> _Action item_
A line below contains "fun T => exists T1", and a later one contains "from one induction". Repeat both, with every line between them, exactly.

> _Entries provided_
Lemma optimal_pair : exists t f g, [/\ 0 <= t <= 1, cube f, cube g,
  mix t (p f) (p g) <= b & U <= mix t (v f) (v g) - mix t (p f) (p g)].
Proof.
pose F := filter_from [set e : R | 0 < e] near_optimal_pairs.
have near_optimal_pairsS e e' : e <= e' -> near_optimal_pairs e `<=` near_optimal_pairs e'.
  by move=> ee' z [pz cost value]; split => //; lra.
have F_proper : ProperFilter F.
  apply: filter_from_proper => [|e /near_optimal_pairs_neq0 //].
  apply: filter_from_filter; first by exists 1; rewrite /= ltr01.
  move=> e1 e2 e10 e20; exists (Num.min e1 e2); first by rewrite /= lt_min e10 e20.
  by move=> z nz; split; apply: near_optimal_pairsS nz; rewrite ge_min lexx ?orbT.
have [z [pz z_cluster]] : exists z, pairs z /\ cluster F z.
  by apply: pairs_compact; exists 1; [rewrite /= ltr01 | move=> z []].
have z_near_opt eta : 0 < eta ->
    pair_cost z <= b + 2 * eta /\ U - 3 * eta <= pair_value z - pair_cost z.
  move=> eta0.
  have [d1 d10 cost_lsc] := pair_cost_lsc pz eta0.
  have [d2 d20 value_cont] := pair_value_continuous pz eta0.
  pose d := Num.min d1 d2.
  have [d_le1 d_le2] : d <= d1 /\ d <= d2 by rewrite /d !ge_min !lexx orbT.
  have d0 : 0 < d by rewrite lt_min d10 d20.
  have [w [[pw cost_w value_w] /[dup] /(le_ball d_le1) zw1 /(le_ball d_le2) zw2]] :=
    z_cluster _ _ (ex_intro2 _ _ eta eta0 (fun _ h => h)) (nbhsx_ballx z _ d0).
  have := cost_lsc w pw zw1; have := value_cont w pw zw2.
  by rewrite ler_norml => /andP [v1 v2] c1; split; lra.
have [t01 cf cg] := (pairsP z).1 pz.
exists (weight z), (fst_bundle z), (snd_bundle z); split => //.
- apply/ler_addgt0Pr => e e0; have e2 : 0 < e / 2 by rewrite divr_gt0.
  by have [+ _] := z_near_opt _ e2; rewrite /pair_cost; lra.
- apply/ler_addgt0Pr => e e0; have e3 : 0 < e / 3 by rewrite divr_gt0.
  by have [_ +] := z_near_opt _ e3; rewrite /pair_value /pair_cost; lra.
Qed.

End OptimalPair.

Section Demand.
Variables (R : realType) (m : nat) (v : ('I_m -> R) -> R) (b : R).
* * *
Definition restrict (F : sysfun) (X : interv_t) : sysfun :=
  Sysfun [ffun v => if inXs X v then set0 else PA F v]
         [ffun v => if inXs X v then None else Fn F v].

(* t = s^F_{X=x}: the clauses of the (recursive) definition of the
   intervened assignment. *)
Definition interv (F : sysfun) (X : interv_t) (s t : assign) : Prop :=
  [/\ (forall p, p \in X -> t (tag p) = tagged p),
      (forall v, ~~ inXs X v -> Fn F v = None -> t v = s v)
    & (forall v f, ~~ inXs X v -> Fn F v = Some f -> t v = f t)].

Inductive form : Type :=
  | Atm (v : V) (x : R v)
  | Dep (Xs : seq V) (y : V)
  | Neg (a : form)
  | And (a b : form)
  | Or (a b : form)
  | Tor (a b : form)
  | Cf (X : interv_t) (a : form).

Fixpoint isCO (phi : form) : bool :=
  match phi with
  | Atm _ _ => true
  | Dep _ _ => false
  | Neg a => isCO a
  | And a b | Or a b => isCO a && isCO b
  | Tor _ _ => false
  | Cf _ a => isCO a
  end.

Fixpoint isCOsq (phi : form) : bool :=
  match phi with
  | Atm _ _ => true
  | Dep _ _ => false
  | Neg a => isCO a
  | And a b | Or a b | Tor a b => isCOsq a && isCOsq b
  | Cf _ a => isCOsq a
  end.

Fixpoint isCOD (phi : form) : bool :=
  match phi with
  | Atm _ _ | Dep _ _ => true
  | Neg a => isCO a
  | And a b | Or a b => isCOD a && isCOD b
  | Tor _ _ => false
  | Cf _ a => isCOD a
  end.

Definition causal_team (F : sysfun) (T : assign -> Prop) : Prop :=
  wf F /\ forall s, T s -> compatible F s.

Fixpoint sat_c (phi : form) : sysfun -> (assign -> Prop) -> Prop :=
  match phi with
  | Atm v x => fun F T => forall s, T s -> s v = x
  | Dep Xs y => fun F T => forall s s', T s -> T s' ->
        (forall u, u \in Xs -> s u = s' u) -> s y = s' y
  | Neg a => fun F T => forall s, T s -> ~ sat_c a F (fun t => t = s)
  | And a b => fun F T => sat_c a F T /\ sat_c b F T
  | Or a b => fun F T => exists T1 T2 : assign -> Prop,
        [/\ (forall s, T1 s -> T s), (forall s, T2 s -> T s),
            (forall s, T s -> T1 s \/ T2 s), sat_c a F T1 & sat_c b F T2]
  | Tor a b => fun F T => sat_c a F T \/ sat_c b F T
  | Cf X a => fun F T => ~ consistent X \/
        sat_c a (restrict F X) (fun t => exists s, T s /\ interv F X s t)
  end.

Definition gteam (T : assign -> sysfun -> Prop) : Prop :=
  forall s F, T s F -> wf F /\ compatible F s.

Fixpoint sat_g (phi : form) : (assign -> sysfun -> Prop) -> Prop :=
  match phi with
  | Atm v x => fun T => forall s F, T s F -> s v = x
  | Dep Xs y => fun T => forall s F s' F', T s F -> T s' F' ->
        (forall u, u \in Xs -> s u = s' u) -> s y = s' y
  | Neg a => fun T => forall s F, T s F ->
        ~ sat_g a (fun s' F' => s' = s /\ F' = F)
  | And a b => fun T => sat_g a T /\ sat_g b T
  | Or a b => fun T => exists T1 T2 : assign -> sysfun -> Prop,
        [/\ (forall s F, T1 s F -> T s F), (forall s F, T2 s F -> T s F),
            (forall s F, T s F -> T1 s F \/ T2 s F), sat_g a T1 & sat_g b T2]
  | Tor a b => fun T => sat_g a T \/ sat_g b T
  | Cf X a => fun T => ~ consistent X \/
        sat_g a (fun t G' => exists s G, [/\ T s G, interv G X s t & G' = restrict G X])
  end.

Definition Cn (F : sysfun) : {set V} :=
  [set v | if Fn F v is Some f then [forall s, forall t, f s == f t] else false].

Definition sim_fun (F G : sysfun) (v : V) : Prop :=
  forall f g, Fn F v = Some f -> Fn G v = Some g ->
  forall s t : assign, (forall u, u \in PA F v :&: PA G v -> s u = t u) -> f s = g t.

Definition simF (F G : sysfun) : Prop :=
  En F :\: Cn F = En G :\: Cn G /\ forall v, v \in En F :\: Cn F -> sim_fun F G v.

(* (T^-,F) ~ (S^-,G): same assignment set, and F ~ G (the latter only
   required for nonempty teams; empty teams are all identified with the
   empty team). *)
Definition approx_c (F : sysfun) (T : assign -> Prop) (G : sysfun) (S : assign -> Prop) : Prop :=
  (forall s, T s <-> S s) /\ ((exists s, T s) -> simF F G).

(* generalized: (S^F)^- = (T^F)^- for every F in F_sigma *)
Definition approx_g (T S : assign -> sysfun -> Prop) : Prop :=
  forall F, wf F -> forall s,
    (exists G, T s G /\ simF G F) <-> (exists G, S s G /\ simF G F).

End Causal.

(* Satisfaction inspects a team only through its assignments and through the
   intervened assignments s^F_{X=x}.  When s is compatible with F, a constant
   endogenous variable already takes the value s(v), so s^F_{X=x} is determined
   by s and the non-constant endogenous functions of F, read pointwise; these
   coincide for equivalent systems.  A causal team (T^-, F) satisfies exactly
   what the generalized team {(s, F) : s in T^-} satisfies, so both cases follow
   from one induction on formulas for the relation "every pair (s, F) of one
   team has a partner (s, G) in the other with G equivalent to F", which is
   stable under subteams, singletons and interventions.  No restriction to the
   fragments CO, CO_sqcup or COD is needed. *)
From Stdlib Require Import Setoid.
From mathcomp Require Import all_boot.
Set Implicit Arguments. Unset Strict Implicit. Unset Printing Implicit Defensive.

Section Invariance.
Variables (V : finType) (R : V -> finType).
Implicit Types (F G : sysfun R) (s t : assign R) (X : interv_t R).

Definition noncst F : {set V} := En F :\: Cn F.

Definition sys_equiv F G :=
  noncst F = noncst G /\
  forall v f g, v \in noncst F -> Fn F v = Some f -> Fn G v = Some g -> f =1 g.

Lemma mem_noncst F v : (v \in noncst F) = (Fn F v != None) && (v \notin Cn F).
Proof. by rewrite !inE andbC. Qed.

> _Solution to this task_
  | Or a b => fun T => exists T1 T2 : assign -> sysfun -> Prop,
        [/\ (forall s F, T1 s F -> T s F), (forall s F, T2 s F -> T s F),
            (forall s F, T s F -> T1 s F \/ T2 s F), sat_g a T1 & sat_g b T2]
  | Tor a b => fun T => sat_g a T \/ sat_g b T
  | Cf X a => fun T => ~ consistent X \/
        sat_g a (fun t G' => exists s G, [/\ T s G, interv G X s t & G' = restrict G X])
  end.

Definition Cn (F : sysfun) : {set V} :=
  [set v | if Fn F v is Some f then [forall s, forall t, f s == f t] else false].

Definition sim_fun (F G : sysfun) (v : V) : Prop :=
  forall f g, Fn F v = Some f -> Fn G v = Some g ->
  forall s t : assign, (forall u, u \in PA F v :&: PA G v -> s u = t u) -> f s = g t.

Definition simF (F G : sysfun) : Prop :=
  En F :\: Cn F = En G :\: Cn G /\ forall v, v \in En F :\: Cn F -> sim_fun F G v.

(* (T^-,F) ~ (S^-,G): same assignment set, and F ~ G (the latter only
   required for nonempty teams; empty teams are all identified with the
   empty team). *)
Definition approx_c (F : sysfun) (T : assign -> Prop) (G : sysfun) (S : assign -> Prop) : Prop :=
  (forall s, T s <-> S s) /\ ((exists s, T s) -> simF F G).

(* generalized: (S^F)^- = (T^F)^- for every F in F_sigma *)
Definition approx_g (T S : assign -> sysfun -> Prop) : Prop :=
  forall F, wf F -> forall s,
    (exists G, T s G /\ simF G F) <-> (exists G, S s G /\ simF G F).

End Causal.

(* Satisfaction inspects a team only through its assignments and through the
   intervened assignments s^F_{X=x}.  When s is compatible with F, a constant
   endogenous variable already takes the value s(v), so s^F_{X=x} is determined
   by s and the non-constant endogenous functions of F, read pointwise; these
   coincide for equivalent systems.  A causal team (T^-, F) satisfies exactly
   what the generalized team {(s, F) : s in T^-} satisfies, so both cases follow
   from one induction on formulas for the relation "every pair (s, F) of one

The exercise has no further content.